When you try to lie down to sleep with your child until he falls asleep, encourage him to fall asleep quickly. It is wrong to try to put your child to sleep and go to sit on the chair next to him and browse the mobile . The child may find it difficult in this case to fall asleep, but when you go to bed with your child to sleep, you help you enter quickly and help the child sleep longer and wake up less.

Creating the perfect sleeping environment:

The bedroom should help the child sleep well and it is best to keep their room dark and at a cool temperature. Some children, especially younger children, may like to have a little light, meaning that dim light is an acceptable element when setting up a child’s room.

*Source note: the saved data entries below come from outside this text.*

Lemma F_slope_max_tail m q p j n : QtildeOK m q -> POK m p -> valid m j ->
  (forall k, (n <= k)%nat -> j k = m k) ->
  (F m q p (expansion q j + - prefix_prod q j n) - F m q p (expansion q j))
    / - prefix_prod q j n = prefix_prod (ratio p q) j n.
Proof.
  intros HQ HP Hj Hmax.
  pose proof (prefix_prod_valid_pos m q (QtildeOK_pos m q HQ) j n Hj).
  assert (Hvs : valid m (splice j n (fun _ => O)))
    by (apply splice_valid; [exact Hj|intros k; apply Nat.le_0_l]).
  assert (Hleft : expansion q j + - prefix_prod q j n = expansion q (splice j n (fun _ => O))).
  { rewrite (expansion_max_tail m q (QtildeOK_col m q HQ) (QtildeOK_vanish m q HQ)
              j n Hj Hmax).
    rewrite expansion_splice_zero. ring. }
  rewrite Hleft, !F_expansion by assumption.
  rewrite expansion_splice_zero.
  rewrite (expansion_max_tail m p (POK_col m p HP) (POK_vanish m p HP) j n Hj Hmax).
  unfold ratio. rewrite (prefix_prod_ratio m q (QtildeOK_pos m q HQ) p j n Hj).
  field. lra.
Qed.

Lemma negd_tail m d N : (forall k, (N < k)%nat -> d k = if Nat.odd (k - N) then m k else O) ->
  forall k, (N < k)%nat -> negd m d k = if Nat.odd N then m k else O.
Proof.
  intros Htail k Hk. unfold negd. rewrite Htail by lia.
  replace (Nat.odd k) with (xorb (Nat.odd N) (Nat.odd (k - N)))
    by (rewrite <- Nat.odd_add; f_equal; lia).
  destruct (Nat.odd N), (Nat.odd (k - N)); simpl; lia.
Qed.

Lemma NegaRational_glue m q x : QtildeOK m q -> NegaRational m q x ->
  exists v N c, valid m v /\ (1 <= c <= m N)%nat /\
                x = expansion q (glue v N c (fun _ => O)).
Proof.
  intros HQ (d & N & Hd & HdN & Htail & ->).
  pose proof (negd_tail m d N Htail) as Hjtail. pose proof (negd_valid m d Hd) as Hj.
  change (DeltaNeg m q d) with (expansion q (negd m d)). pose proof (Hd N).
  destruct (Nat.odd N) eqn:HN.
  - assert (HjN : negd m d N = (m N - d N)%nat) by (unfold negd; now rewrite HN).
    exists (negd m d), N, (S (negd m d N)). split; [exact Hj|split; [lia|]].
    rewrite expansion_glue_zero.
    rewrite <- (expansion_glue_max m q (QtildeOK_col m q HQ) (QtildeOK_vanish m q HQ))
      by (auto; lia).
    apply expansion_ext. intros k. unfold glue, splice.
    destruct (Nat.ltb_spec k N); [reflexivity|].
    destruct (Nat.eqb_spec k N) as [->|]; [lia|].
    now rewrite (Hjtail k ltac:(lia)).
  - assert (HjN : negd m d N = d N) by (unfold negd; now rewrite HN).
    exists (negd m d), N, (negd m d N). split; [exact Hj|split; [lia|]].
    apply expansion_ext. intros k. unfold glue, splice.
    destruct (Nat.ltb_spec k N); [reflexivity|].
    destruct (Nat.eqb_spec k N) as [->|]; [reflexivity|].
    now rewrite (Hjtail k ltac:(lia)).
Qed.

Lemma is_lim_seq_pos (u : nat -> R) (L : R) :
  (forall n, 0 < u n) -> L <> 0 -> is_lim_seq u L -> 0 < L.
Proof.
  intros Hu HL Hlim.
  assert (H : Rbar_le 0 L).
  { apply (is_lim_seq_le (fun _ => 0) u);
      [intros n; left; apply Hu|apply is_lim_seq_const|exact Hlim]. }
  simpl in H. lra.
Qed.

Lemma opposite_signs_neq r a b s t : r <> 0 -> a * b < 0 -> 0 < s -> 0 < t ->
  r * a * s <> r * b * t.
Proof.
  intros Hr Hab Hs Ht E. rewrite !Rmult_assoc in E.
  apply Rmult_eq_reg_l in E; [|exact Hr].
  assert (Hst : 0 < s * t) by nra.
  assert (Hneg : (a * s) * (b * t) < 0)
    by (replace ((a * s) * (b * t)) with ((a * b) * (s * t)) by ring; nra).
  rewrite <- E in Hneg. nra.
Qed.

Lemma right_quotients_lim m q p j n (l : Rbar) : QtildeOK m q -> POK m p -> valid m j ->
  (forall k, (n <= k)%nat -> j k = O) ->
  is_lim (fun h => (F m q p (expansion q j + h) - F m q p (expansion q j)) / h) 0 l ->
  is_lim_seq (prefix_prod (ratio p q) j) l.
Proof.
  intros HQ HP Hj Hzero Hl.
  pose proof (fun k => prefix_prod_valid_pos m q (QtildeOK_pos m q HQ) j k Hj) as Hpos.
  refine (is_lim_seq_ext_loc _ _ _ _ (is_lim_comp_seq _ (prefix_prod q j) 0 l Hl _ _)).
  - exists n. intros k Hk. apply F_slope_zero_tail; auto. intros i Hi. apply Hzero. lia.
  - exists O. intros k _ E. injection E. apply Rgt_not_eq, Hpos.
  - exact (QtildeOK_vanish m q HQ j Hj).
Qed.

Lemma left_quotients_lim m q p j n (l : Rbar) : QtildeOK m q -> POK m p -> valid m j ->
  (forall k, (n <= k)%nat -> j k = m k) ->
  is_lim (fun h => (F m q p (expansion q j + h) - F m q p (expansion q j)) / h) 0 l ->
  is_lim_seq (prefix_prod (ratio p q) j) l.
Proof.
  intros HQ HP Hj Hmax Hl.
  pose proof (fun k => prefix_prod_valid_pos m q (QtildeOK_pos m q HQ) j k Hj) as Hpos.
  refine (is_lim_seq_ext_loc _ _ _ _
            (is_lim_comp_seq _ (fun k => - prefix_prod q j k) 0 l Hl _ _)).
  - exists n. intros k Hk. apply F_slope_max_tail; auto. intros i Hi. apply Hmax. lia.
  - exists O. intros k _ E. injection E. pose proof (Hpos k). lra.
  - rewrite <- Ropp_0. apply -> (is_lim_seq_opp (prefix_prod q j) 0).
    exact (QtildeOK_vanish m q HQ j Hj).
Qed.

Lemma digit_weight_neq0 m p : POK m p ->
  (forall n c, (1 <= c <= m n)%nat -> p c n * p (c - 1)%nat n < 0) ->
  forall n i, (i <= m n)%nat -> p i n <> 0.
Proof.
  intros HP Hsign n [|i] Hi Hz.
  - pose proof (POK_p0_pos m p HP n). lra.
  - specialize (Hsign n (S i) ltac:(lia)). rewrite Hz in Hsign. lra.
Qed.

Lemma glue_ratio_lims_neq m q p v N c L0 Lm (l : Rbar) : QtildeOK m q -> POK m p ->
  (forall n c, (1 <= c <= m n)%nat -> p c n * p (c - 1)%nat n < 0) ->
  valid m v -> (1 <= c <= m N)%nat ->
  L0 <> 0 -> is_lim_seq (prefix_prod (ratio p q) (fun _ => O)) L0 ->
  Lm <> 0 -> is_lim_seq (prefix_prod (ratio p q) m) Lm ->
  is_lim_seq (prefix_prod (ratio p q) (glue v N c (fun _ => O))) l ->
  is_lim_seq (prefix_prod (ratio p q) (glue v N (c - 1) m)) l -> False.
Proof.
  intros HQ HP Hsign Hv Hc HL0 HL0lim HLm HLmlim Hlow Hup.
  pose proof (QtildeOK_pos m q HQ) as Hq.
  assert (HT0 : forall n, 0 < prefix_prod (ratio p q) (fun _ => O) n).
  { intros n. apply prefix_prod_pos. intros k.
    apply Rdiv_lt_0_compat; [apply (POK_p0_pos m p HP)|apply Hq; lia]. }
  assert (HTm : forall n, 0 < prefix_prod (ratio p q) m n).
  { intros n. apply prefix_prod_pos. intros k.
    apply Rdiv_lt_0_compat; [apply (POK_pm_pos m p HP)|apply Hq; lia]. }
  pose proof (prefix_prod_tail_lim (ratio p q) (glue v N c (fun _ => O)) (fun _ => O) (S N) L0
                (fun k Hk => glue_tail v N c _ k Hk) (Rgt_not_eq _ _ (HT0 (S N))) HL0lim)
    as Hlow'.
  pose proof (prefix_prod_tail_lim (ratio p q) (glue v N (c - 1) m) m (S N) Lm
                (fun k Hk => glue_tail v N (c - 1) m k Hk) (Rgt_not_eq _ _ (HTm (S N))) HLmlim)
    as Hup'.
  rewrite (proj2 (prefix_glue (ratio p q) v N c (fun _ => O))) in Hlow'.
  rewrite (proj2 (prefix_glue (ratio p q) v N (c - 1) m)) in Hup'.
  apply is_lim_seq_unique in Hlow, Hlow', Hup, Hup'.
  rewrite Hlow in Hlow'. rewrite Hup in Hup'. rewrite Hlow' in Hup'.
  injection Hup'. apply opposite_signs_neq.
  - apply prefix_prod_neq0. intros k Hz. pose proof (Hq k (v k) (Hv k)).
    apply (digit_weight_neq0 m p HP Hsign k (v k) (Hv k)).
    replace (p (v k) k) with (ratio p q (v k) k * q (v k) k) by (unfold ratio; field; lra).
    rewrite Hz. ring.
  - pose proof (Hq N c ltac:(lia)). pose proof (Hq N (c - 1)%nat ltac:(lia)).
    unfold ratio.
    replace (p c N / q c N * (p (c - 1)%nat N / q (c - 1)%nat N))
      with ((p c N * p (c - 1)%nat N) / (q c N * q (c - 1)%nat N)) by (field; lra).
    apply Rdiv_neg_pos; [exact (Hsign N c Hc)|nra].
  - exact (Rdiv_lt_0_compat _ _ (is_lim_seq_pos _ L0 HT0 HL0 HL0lim) (HT0 (S N))).
  - exact (Rdiv_lt_0_compat _ _ (is_lim_seq_pos _ Lm HTm HLm HLmlim) (HTm (S N))).
Qed.
Lemma wp_klfp_lb (Om : complete_lattice) (o : W Om -> Om)
  (o_sup : forall c : nat -> W Om, (forall n, wle (c n) (c n.+1)) ->
     o (wsup c) = cl_inf (fun w => exists n, w = o (c n)))
  (psi : Y -> Om) (phi : Z -> Om) :
  (forall n, ple psi (wp o (kleene_iter n) phi)) -> ple psi (wp o (klfp Phi) phi).
Proof.
move=> le_iter y; rewrite /wp /klfp /fmap (wkl_cont_r _ kleene_chain) o_sup.
  by apply: cl_inf_glb => w [n ->]; apply: le_iter.
by move=> n; apply: wkl_mono_r => y'; apply: kleene_chain.
Qed.

End KleeneIteration.

Lemma wp_bot (W : while_monad) (Om : complete_lattice) (o : W Om -> Om)
  (o_bot : o (wbot Om) = cl_top Om) Y Z (phi : Z -> Om) (y : Y) :
  wp o (fun _ => wbot Z) phi y = cl_top Om.
Proof. by rewrite /wp /fmap (@wkl_strict _ unit _ _ _ tt) o_bot. Qed.

Section AbstractSemantics.
Variables (W : while_monad) (Om : complete_lattice) (o : W Om -> Om).
Variables (V : Type) (Var : finType) (Expr BExpr : Type).
Variable asg : Var -> Expr -> memory V Var -> W (memory V Var).
Variable bsem : BExpr -> memory V Var -> bool.
Variables (A : complete_lattice) (alpha : (memory V Var -> Om) -> A).
Variable gamma : A -> memory V Var -> Om.
Hypothesis galois : forall phi a, cl_le (alpha phi) a <-> ple phi (gamma a).
Hypothesis o_meet : forall (Y : Type) (S : (Y -> Om) -> Prop) (t : W Y),
  o (fmap (pinf S) t) = cl_inf (fun w => exists phi, S phi /\ w = o (fmap phi t)).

Disposing of electronic devices:

Get rid of the TV and laptop from your child’s bedroom, because these devices enhance alertness and attention in the child, and thus he has difficulty when sleeping, and the light emitted from them is similar to daylight and tricks the brain into thinking that he needs to wake up. When you allow them to have electronic devices in the room, you provide them with a distraction that you won’t be able to control once you’re out of the room.

Make sure they exercise:

You should make sure that the child in early childhood gets regular exercise during the day in order to help them relax at night faster. However, keep playing time at least 3 hours before bed until they have the incentive to sleep.

Avoid eating caffeinated meals before bed:

Caffeine is a brain stimulant for everyone, not just adults. It also has an effect on children. When you allow them to drink soft drinks before bed, it definitely affects their sleep pattern. Also, it is better to stay away from fast snacks and replace them with healthy snacks, or have a glass of warm milk before bed, or fruit or biscuits.

Watch out for sleep disturbances:

When you establish a consistent bedtime routine and make simple adjustments to suit your child’s needs and he still has difficulties sleeping, you can monitor your child’s behavior throughout the day so that you can know if he has a sleep disorder or not, such as feeling very tired during the day, difficulty concentrating when performing Home meals, behavioral problems at home.